Ce chapitre montre l’intérêt de l’étude des acteurs dans la compréhension des dynamiques territoriales, et propose ensuite un cadre d’analyse pertinent pour l’approche qualitative.

1.1 Dynamiques territoriales et acteurs

1.1.1

Les acteurs : des catégories et des situations d’actions multiples

L’acteur, dont les définitions sont multiples, est un élément central dans le fonctionnement et la production des territoires. Dans la lignée des travaux de Gumuchian (2003), il est ici considéré que « les acteurs sont ceux qui réalisent ce passage incessant entre le réel spatial tel qu’il s’offre comme

ressource à l’action et l’action comme inscrite dans l’espace ».

Les individus sont des acteurs mais il existe par extension des acteurs collectifs (Lévy, Lussault, 2003), comme les associations (usagers, professionnels de santé). L’importance d’acteurs collectifs peut également reposer sur le charisme particulier d’un acteur individuel : un leader. Le cumul de fonctions, comme par exemple maire et médecin, est à l’origine d’acteurs « multicasquettes » (Gumuchian, 2003).

Les acteurs sont territorialisés (Gumuchian, 2003), ainsi « tout homme ou femme peut être acteur,

tout acteur est doté d’une personnalité et d’une individualité, […] tout acteur a une compétence territoriale (politique, sociale, spatiale, culturelle...), […] le sujet agissant devient acteur territorialisé lorsqu’il se retrouve en situation d’action. L’acteur territorialisé opère au sein de systèmes d’actions concrets qui sont évolutifs et perméables les uns aux autres […]. Il négocie continuellement sa place par des jeux de pouvoir ».
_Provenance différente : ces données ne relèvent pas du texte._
(* Let $k\ge n\ge1$ and let $\bar K$ be the transition matrix of the Burnside process on $\Pi_n$ (defined in the context). Let $x,y\in\Pi_n$ have $j_x$ and $j_y$ blocks respectively, and suppose $j_x\le j_y$. Then $$\bar K(x,y)=\sum_{j=j_y}^{\min(j_x+j_y,\,k)}\frac{j_x!\,j_y!}{(j-j_x)!\,(j-j_y)!\,(j_x+j_y-j)!}\,E\left[\frac{1}{(Y_j+j)^n}\right],$$ where $Y_j$ denotes the number of fixed points of a uniformly random permutation in $S_{k-j}$ (with $Y_k=0$). If $j_x>j_y$, then $\bar K(x,y)=\bar K(y,x)$.
   Context: $S_k$ acts on $[k]^n$ by $\sigma(u_1,\dots,u_n)=(\sigma(u_1),\dots,\sigma(u_n))$. The Burnside process on $[k]^n$ is the Markov chain which, from $u$, chooses $\sigma$ uniformly among permutations of $[k]$ fixing every value appearing in $u$, then produces $v\in[k]^n$ by choosing each coordinate independently and uniformly among the fixed points of $\sigma$; its transition matrix is $K(u,v)=\sum_{\sigma\in G_u\cap G_v}\frac{1}{|G_u|\,\mathrm{fp}(\sigma)^n}$ with $G_u$ the stabilizer of $u$ and $\mathrm{fp}(\sigma)$ the number of fixed points. $\Pi_n$ is the set of set partitions of $[n]$; to $u\in[k]^n$ corresponds the set partition in which $i,j$ lie in the same block iff $u_i=u_j$, and the orbits of the action are exactly the classes of vectors with the same set partition. The Burnside process on $\Pi_n$ is the lumped chain: $\bar K(x,y)=\sum_{v\text{ with partition }y}K(u,v)$ for any $u$ with partition $x$. *)

From mathcomp Require Import all_boot all_order all_algebra all_fingroup.
Set Implicit Arguments. Unset Strict Implicit. Unset Printing Implicit Defensive.
Import GRing.Theory Num.Theory.
Local Open Scope ring_scope.
(* Let $n\ge 2$, let $(\pi,w)$ and $(\sigma,u)$ be threshold pairs of size $n$, and let $G_1=T(\pi,w)$ and $G_2=T(\sigma,u)$. Then $G_1=G_2$ as labeled graphs if and only if both of the following hold: (a) $w_k=u_k$ for all $k\ge 2$; (b) for every $1\le i\le n$, letting $j$ be the position of $i$ in $\pi$ (i.e. $\pi_j=i$) and $k$ the position of $i$ in $\sigma$ (i.e. $\sigma_k=i$), either $1\in\{j,k\}$ and $w_\ell=w_{\max\{j,k\}}$ for all $1<\ell\le\max\{j,k\}$, or for every $\ell$ with $\min\{j,k\}\le\ell\le\max\{j,k\}$ we have $w_\ell=w_j=w_k$.
   Context: Let $\mathcal{S}_n$ be the set of permutations of $\{1,\dots,n\}$ in one-line notation $\pi=\pi_1\cdots\pi_n$. A threshold pair of size $n$ is a pair $(\pi,w)$ with $\pi\in\mathcal{S}_n$ and $w=w_1\cdots w_n\in\{+1,-1\}^n$. The labeled graph $T(\pi,w)$ on vertex set $\{1,\dots,n\}$ is defined as follows: $G_1$ is the graph with the single vertex $\pi_1$; for $2\le i\le n$, $G_i$ is obtained from $G_{i-1}$ by adding a new vertex $\pi_i$ which is adjacent to every vertex of $G_{i-1}$ if $w_i=+1$ and is isolated if $w_i=-1$; then $T(\pi,w)=G_n$. Two labeled graphs on $\{1,\dots,n\}$ are equal if they have the same edge set. *)

From mathcomp Require Import all_boot all_fingroup.
Set Implicit Arguments. Unset Strict Implicit. Unset Printing Implicit Defensive.

(* Conventions:
   - vertices {1,...,n} are represented by 'I_n = {0,...,n-1} (label i <-> i-1);
   - positions 1..n in one-line notation are represented by 0..n-1, so the
     one-line notation pi_1 ... pi_n is (pi 0) ... (pi (n-1)) for pi : 'S_n;
   - signs: true = +1, false = -1; a sign word w is a function 'I_n -> bool;
   - a labeled graph is given by its edge set, a set of 2-element subsets. *)

Fixpoint Tedges (n : nat) (pi : 'S_n) (w : 'I_n -> bool) (i : nat)
  : {set {set 'I_n}} :=
  match i with
  | 0 => set0
  | i'.+1 =>
      Tedges pi w i' :|:
      [set [set pi a; pi b] | a in 'I_n, b in 'I_n
                            & (a < b)%N && (nat_of_ord b == i') && w b]
  end.

Definition T (n : nat) (pi : 'S_n) (w : 'I_n -> bool) : {set {set 'I_n}} :=
  Tedges pi w n.

From mathcomp Require Import all_boot all_fingroup zify.
Set Implicit Arguments. Unset Strict Implicit. Unset Printing Implicit Defensive.

(* Two distinct vertices are adjacent in T(pi, w) iff the later of them in pi carries sign +1,
   so T(pi, w) = T(sigma, u) iff w at the larger pi-position of any pair equals u at its larger
   sigma-position.  For m > 0, joining pi_m to the other vertices of the pi-prefix
   {pi_0, ..., pi_m} shows that w_m is u at the sigma-position of the prefix vertex y that comes
   last in sigma, and by pigeonhole that position is at least m.  Playing this against the
   symmetric statement gives w_m = u_m; iterating it upwards shows that w is constant on the
   positive positions between the pi- and sigma-position of any vertex.  Conversely, this
   constancy lets one move the two endpoints of a pair, one at a time, from their
   pi-positions to their sigma-positions without changing the sign at the maximum. *)

Section ThresholdGraphs.

Variable n : nat.
Implicit Types (pi sigma p q : 'S_n) (w u : 'I_n -> bool) (a b l m : 'I_n).

Local Notation pos p x := ((p^-1)%g x).

Definition omax a b : 'I_n := if (a <= b)%N then b else a.
Definition omin a b : 'I_n := if (a <= b)%N then a else b.

Lemma val_omax a b : nat_of_ord (omax a b) = maxn a b.
Proof. by rewrite /omax; case: leqP => ab; lia. Qed.

Lemma val_omin a b : nat_of_ord (omin a b) = minn a b.
Proof. by rewrite /omin; case: leqP => ab; lia. Qed.

Lemma omaxC a b : omax a b = omax b a.
Proof. by apply: val_inj; rewrite /= !val_omax maxnC. Qed.

Lemma ominC a b : omin a b = omin b a.
Proof. by apply: val_inj; rewrite /= !val_omin minnC. Qed.

Lemma omax_l a b : (b <= a)%N -> omax a b = a.
Proof. by move=> ba; apply: val_inj; rewrite /= val_omax; lia. Qed.

Lemma omax_r a b : (a <= b)%N -> omax a b = b.
Proof. by move=> ab; apply: val_inj; rewrite /= val_omax; lia. Qed.

Definition adj pi w x y : bool := w (omax (pos pi x) (pos pi y)).

Lemma adjC pi w x y : adj pi w x y = adj pi w y x.
Proof. by rewrite /adj omaxC. Qed.

Lemma omax_pos_gt0 p x y : x != y -> (0 < omax (pos p x) (pos p y))%N.
Proof.
rewrite val_omax -(inj_eq (@perm_inj _ (p^-1)%g)) -val_eqE /= => /eqP; lia.
Qed.

Lemma mem_Tedges pi w i e :
  e \in Tedges pi w i <->
  exists a b, [/\ (a < b)%N, (b < i)%N, w b & e = [set pi a; pi b]].
Proof.
elim: i e => [|i IH] e /=; first by rewrite inE; split=> // -[a [b []]].
rewrite in_setU; split.
  case/orP => [/IH [a [b [ab bi wb ->]]] | /imset2P [a b _]].
    by exists a, b; split=> //; apply: ltnW.
  by rewrite inE /= => /andP [/andP [ab /eqP bi] wb] ->; exists a, b; split; rewrite // bi.
move=> [a [b [ab]]]; rewrite ltnS leq_eqVlt => /orP[bi | bi] wb ->.
  by apply/orP; right; apply/imset2P; exists a b; rewrite // inE ab bi.
by apply/orP; left; apply/IH; exists a, b.
Qed.

Lemma mem_T pi w e :
  e \in T pi w <-> exists a b, [/\ (a < b)%N, w b & e = [set pi a; pi b]].
Proof.
rewrite /T mem_Tedges; split => -[a [b]]; last by case=> ab wb ->; exists a, b.
by case=> ab _ wb ->; exists a, b.
Qed.

Lemma T_edge_set2 pi w e : e \in T pi w -> exists x y, x != y /\ e = [set x; y].
Proof.
move/mem_T => [a [b [ab _ ->]]]; exists (pi a), (pi b); split=> //.
by rewrite (inj_eq perm_inj) -val_eqE neq_ltn ab.
Qed.

Lemma T_edge pi w x y : x != y -> ([set x; y] \in T pi w) = adj pi w x y.
Proof.
move=> xy; apply/idP/idP => [/mem_T [a [b [ab wb exy]]] | wxy]; last apply/mem_T.
  have /set2P[xa | xb] : x \in [set pi a; pi b] by rewrite -exy set21.
  have /set2P[ya | yb] : y \in [set pi a; pi b] by rewrite -exy set22.
  - by move: xy; rewrite xa ya eqxx.
  - by rewrite /adj xa yb !permK omax_r // ltnW.
  have /set2P[ya | yb] : y \in [set pi a; pi b] by rewrite -exy set22.
  - by rewrite /adj xb ya !permK omax_l // ltnW.
  - by move: xy; rewrite xb yb eqxx.
have pxy : pos pi x != pos pi y by rewrite (inj_eq perm_inj).
move: wxy; rewrite /adj; case: (ltngtP (pos pi x) (pos pi y)) => [lt | lt | /val_inj eq].
- rewrite omax_r ?(ltnW lt) // => wy.
  by exists (pos pi x), (pos pi y); split; rewrite ?permKV.
- rewrite omax_l ?(ltnW lt) // => wx.
  by exists (pos pi y), (pos pi x); split; rewrite ?permKV 1?setUC.
- by rewrite eq eqxx in pxy.
Qed.

Lemma T_eq_adj pi sigma w u :
  T pi w = T sigma u <-> forall x y, x != y -> adj pi w x y = adj sigma u x y.
Proof.
split=> [E x y xy | adjE]; first by rewrite -!T_edge // E.
by apply/setP => e; apply/idP/idP => /[dup] /T_edge_set2 [x [y [xy ->]]];
  rewrite !T_edge // adjE.
Qed.

Lemma exists_prefix_crossing p q m : exists2 z, (pos p z <= m)%N & (m <= pos q z)%N.
Proof.
have [z /andP[pz qz] | none] := pickP [pred z | (pos p z <= m) && (m <= pos q z)].
  by exists z.
pose f i := pos q (p (widen_ord (ltn_ord m) i)).
have fm (i : 'I_m.+1) : (f i < m)%N.
  have wi : (widen_ord (ltn_ord m) i <= m)%N := ltn_ord i.
  by have := none (p (widen_ord (ltn_ord m) i)); rewrite /= permK wi => /negbT; rewrite -ltnNge.
have f_inj : injective (fun i => Ordinal (fm i)).
  by move=> i j /(congr1 val) /= /val_inj /perm_inj /perm_inj /(congr1 val) /= /val_inj.
by have := leq_card _ f_inj; rewrite !card_ord ltnn.
Qed.

Lemma exists_prefix_last p q m :
  exists y, [/\ (pos p y <= m)%N, (m <= pos q y)%N &
             forall z, (pos p z <= m)%N -> (pos q z <= pos q y)%N].
Proof.
have [z0 pz0 qz0] := exists_prefix_crossing p q m.
have [y py ymax] := @arg_maxnP _ z0 (fun z => pos p z <= m)%N (fun z => pos q z) pz0.
by exists y; split=> //; apply: leq_trans qz0 (ymax _ pz0).
Qed.

(* Join [pi m] to another vertex [v] of the [pi]-prefix of [m], taking [v = y] unless
   [y = pi m]: the edge is decided by [w m] in [T pi w] and by [u (pos sigma y)] in [T sigma u]. *)
Lemma sign_prefix_last pi sigma w u m y :
  T pi w = T sigma u -> (0 < m)%N -> (pos pi y <= m)%N ->
  (forall z, (pos pi z <= m)%N -> (pos sigma z <= pos sigma y)%N) ->
  w m = u (pos sigma y).
Proof.
move=> E m0 py ymax; set x := pi m.
have px : pos pi x = m by rewrite permK.
have [v vx [pv yxv]] : exists2 v, v != x & (pos pi v <= m)%N /\ (y = x \/ y = v).
  have [yx | yx] := eqVneq y x; last by exists y; [| split; [| right]].
  exists (pi (Ordinal (ltn_trans m0 (ltn_ord m)))); rewrite ?permK //; last by split; [| left].
  by rewrite eq_sym (inj_eq perm_inj) -val_eqE /= -lt0n.
have := (T_eq_adj pi sigma w u).1 E v x vx; rewrite /adj px omax_r // => ->.
have sv := ymax _ pv; have sx : (pos sigma x <= pos sigma y)%N by apply: ymax; rewrite px.
by case: yxv => <-; [rewrite omax_r | rewrite omax_l].
Qed.

Lemma eq_sign_of_T_eq pi sigma w u : T pi w = T sigma u ->
  forall m, (0 < m)%N -> w m = u m.
Proof.
move=> E m m0.
have [y [py my ymax]] := exists_prefix_last pi sigma m.
have [y' [py' my' ymax']] := exists_prefix_last sigma pi m.
have wm := sign_prefix_last E m0 py ymax.
have um := sign_prefix_last (esym E) m0 py' ymax'.
move: my; rewrite leq_eqVlt => /orP[/eqP/val_inj my | my]; first by rewrite wm my.
move: my'; rewrite leq_eqVlt => /orP[/eqP/val_inj my' | my']; first by rewrite um my'.
have y'y : y' != y by apply: (contraTneq _ my') => ->; rewrite -leqNgt.
have := (T_eq_adj pi sigma w u).1 E y' y y'y.
rewrite /adj omax_l ?(ltnW (leq_ltn_trans py my')) // omax_r ?(ltnW (leq_ltn_trans py' my)) //.
by rewrite -um -wm => ->.
Qed.

(* The sign at position 0 never matters, hence [0 < l]. *)
Definition const_between w a b :=
  forall l, (0 < l)%N -> (omin a b <= l <= omax a b)%N -> w l = w (omax a b).

Lemma const_betweenC w a b : const_between w a b -> const_between w b a.
Proof. by rewrite /const_between omaxC ominC. Qed.

Lemma sign_between_pi_sigma pi sigma w u : T pi w = T sigma u ->
  forall m x, (0 < m)%N -> (pos pi x <= m <= pos sigma x)%N -> w m = w (pos sigma x).
Proof.
move=> E m; have [k] := ubnP (n - m); elim: k m => // k IH m nm x m0 /andP[px mx].
move: mx; rewrite leq_eqVlt => /orP[/eqP/val_inj -> // | mx].
have [y [py _ ymax]] := exists_prefix_last pi sigma m.
have sxy := ymax x px.
have y0 : (0 < pos sigma y)%N by lia.
rewrite (sign_prefix_last E m0 py ymax) -(eq_sign_of_T_eq E y0); symmetry.
by apply: IH; have := ltn_ord (pos sigma x); lia.
Qed.

Lemma const_between_of_T_eq pi sigma w u : T pi w = T sigma u ->
  forall x, const_between w (pos pi x) (pos sigma x).
Proof.
move=> E x l l0; rewrite val_omin val_omax.
have [px_sx | sx_px] := leqP (pos pi x) (pos sigma x).
  by rewrite omax_r // => lx; apply: (sign_between_pi_sigma E); lia.
rewrite omax_l ?(ltnW sx_px) // => lx.
rewrite (eq_sign_of_T_eq E l0) (eq_sign_of_T_eq E (leq_trans l0 _)); last by lia.
by apply: (sign_between_pi_sigma (esym E)); lia.
Qed.

Lemma const_between_omax w a b c : const_between w a b ->
  (0 < omax a c)%N -> (0 < omax b c)%N -> w (omax a c) = w (omax b c).
Proof.
wlog ab : a b / (a <= b)%N => [hwlog wab ac0 bc0 | wab ac0 bc0].
  have [ab | /ltnW ba] := leqP a b; first exact: hwlog.
  by symmetry; apply: hwlog => //; apply: const_betweenC.
have [bc | cb] := leqP b c; first by rewrite !omax_r // (leq_trans ab bc).
rewrite [omax b c]omax_l ?(ltnW cb) // -[b in RHS](omax_r ab); apply: wab => //.
by rewrite val_omin val_omax !val_omax; lia.
Qed.

Lemma T_eq_of_const_between pi sigma w u :
  (forall m, (0 < m)%N -> w m = u m) ->
  (forall x, const_between w (pos pi x) (pos sigma x)) ->
  T pi w = T sigma u.
Proof.
move=> wu wconst; apply/T_eq_adj.
(* Pass through the position [omax (pos sigma x) (pos pi y)], which must avoid the unconstrained
   [w 0]; if it is 0, the one obtained by swapping [x] and [y] is not. *)
suff adj_eq x y : x != y -> (0 < omax (pos sigma x) (pos pi y))%N ->
    adj pi w x y = adj sigma u x y.
  move=> x y xy; have [xy0 | xy0] := posnP (omax (pos sigma x) (pos pi y)); last exact: adj_eq.
  rewrite adjC [adj sigma u x y]adjC; apply: adj_eq; first by rewrite eq_sym.
  by have := omax_pos_gt0 sigma xy; move: xy0; rewrite !val_omax; lia.
move=> xy xy0; rewrite /adj -wu ?omax_pos_gt0 //.
rewrite (const_between_omax (wconst x) (omax_pos_gt0 pi xy) xy0) omaxC [in RHS]omaxC.
by apply: const_between_omax; rewrite // omaxC // omax_pos_gt0 // eq_sym.
Qed.

Lemma const_betweenE w a b :
  const_between w a b <->
  ((nat_of_ord a = 0 \/ nat_of_ord b = 0) /\
    (forall l, (0 < l)%N -> (l <= omax a b)%N -> w l = w (omax a b))) \/
  (forall l, (omin a b <= l)%N -> (l <= omax a b)%N -> w l = w a /\ w a = w b).
Proof.
have [a_mid b_mid] : (omin a b <= a <= omax a b)%N /\ (omin a b <= b <= omax a b)%N.
  by rewrite val_omin val_omax; lia.
split=> [wab | [[_ wab] l l0 /andP[_ lb] | wab l l0 /andP[al lb]]].
- have [min0 | min_gt0] := posnP (omin a b).
    left; split=> [|l l0 lb]; first by move: min0; rewrite val_omin; lia.
    by apply: wab; rewrite // min0.
  have wmax l : (omin a b <= l <= omax a b)%N -> w l = w (omax a b).
    by move=> /[dup] /andP[al _]; apply: wab; apply: leq_trans al.
  by right=> l al lb; rewrite (wmax l) ?al ?lb // (wmax a a_mid) (wmax b b_mid).
- exact: wab.
- have [-> _] := wab l al lb.
  by have [-> _] := wab (omax a b) (leq_trans al lb) (leqnn _).
Qed.

End ThresholdGraphs.

Theorem lemma3 (n : nat) (pi sigma : 'S_n) (w u : 'I_n -> bool) :
  (2 <= n)%N ->
  (T pi w = T sigma u <->
   ((forall k : 'I_n, (0 < k)%N -> w k = u k) /\
    (forall i : 'I_n,
       let j := (pi^-1)%g i in
       let k := (sigma^-1)%g i in
       let mx := if (j <= k)%N then k else j in
       let mn := if (j <= k)%N then j else k in
       ((nat_of_ord j = 0%N \/ nat_of_ord k = 0%N) /\
        (forall l : 'I_n, (0 < l)%N -> (l <= mx)%N -> w l = w mx))
       \/
       (forall l : 'I_n, (mn <= l)%N -> (l <= mx)%N -> w l = w j /\ w j = w k)))).
Proof.
move=> _; split=> [E | [wu wconst]].
  split=> [k |i]; first exact: eq_sign_of_T_eq E k.
  exact/const_betweenE/(const_between_of_T_eq E).
by apply: T_eq_of_const_between => // x; apply/const_betweenE/wconst.
Qed.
Ces acteurs territorialisés évoluent dans différents systèmes d’actions (Gumuchian, 2003) comme celui de type projet qui nous intéresse particulièrement. Dans celui-ci, trois grands types d’acteurs interviennent : les porteurs de projet, ceux qui vont l’accompagner (partenaires) et ceux qui vont participer à sa dynamique. Ces acteurs seront ciblés pour les entretiens autour des projets de maisons de santé.

Parmis ces acteurs, se trouvent ceux impliqués dans la vie du territoire comme les élus locaux ou leurs collaborateurs (Dumont, 2012) et les associations qui jouent un rôle déterminant dans les actions locales (Loncle, 2011).

Les acteurs peuvent aussi être singularisés selon leur action directe ou indirecte sur le territoire (Partoune et Piveteau, 2010). L’acteur direct agit matériellement et physiquement sur le territoire considéré (par exemple un maire, un promoteur), tandis que l’acteur indirect agit, de par ses choix, sur la gestion du territoire en influençant les autres acteurs directs (touristes, nouveaux habitants). L’étude des projets de maisons de santé se devra de prendre en compte ces différents acteurs.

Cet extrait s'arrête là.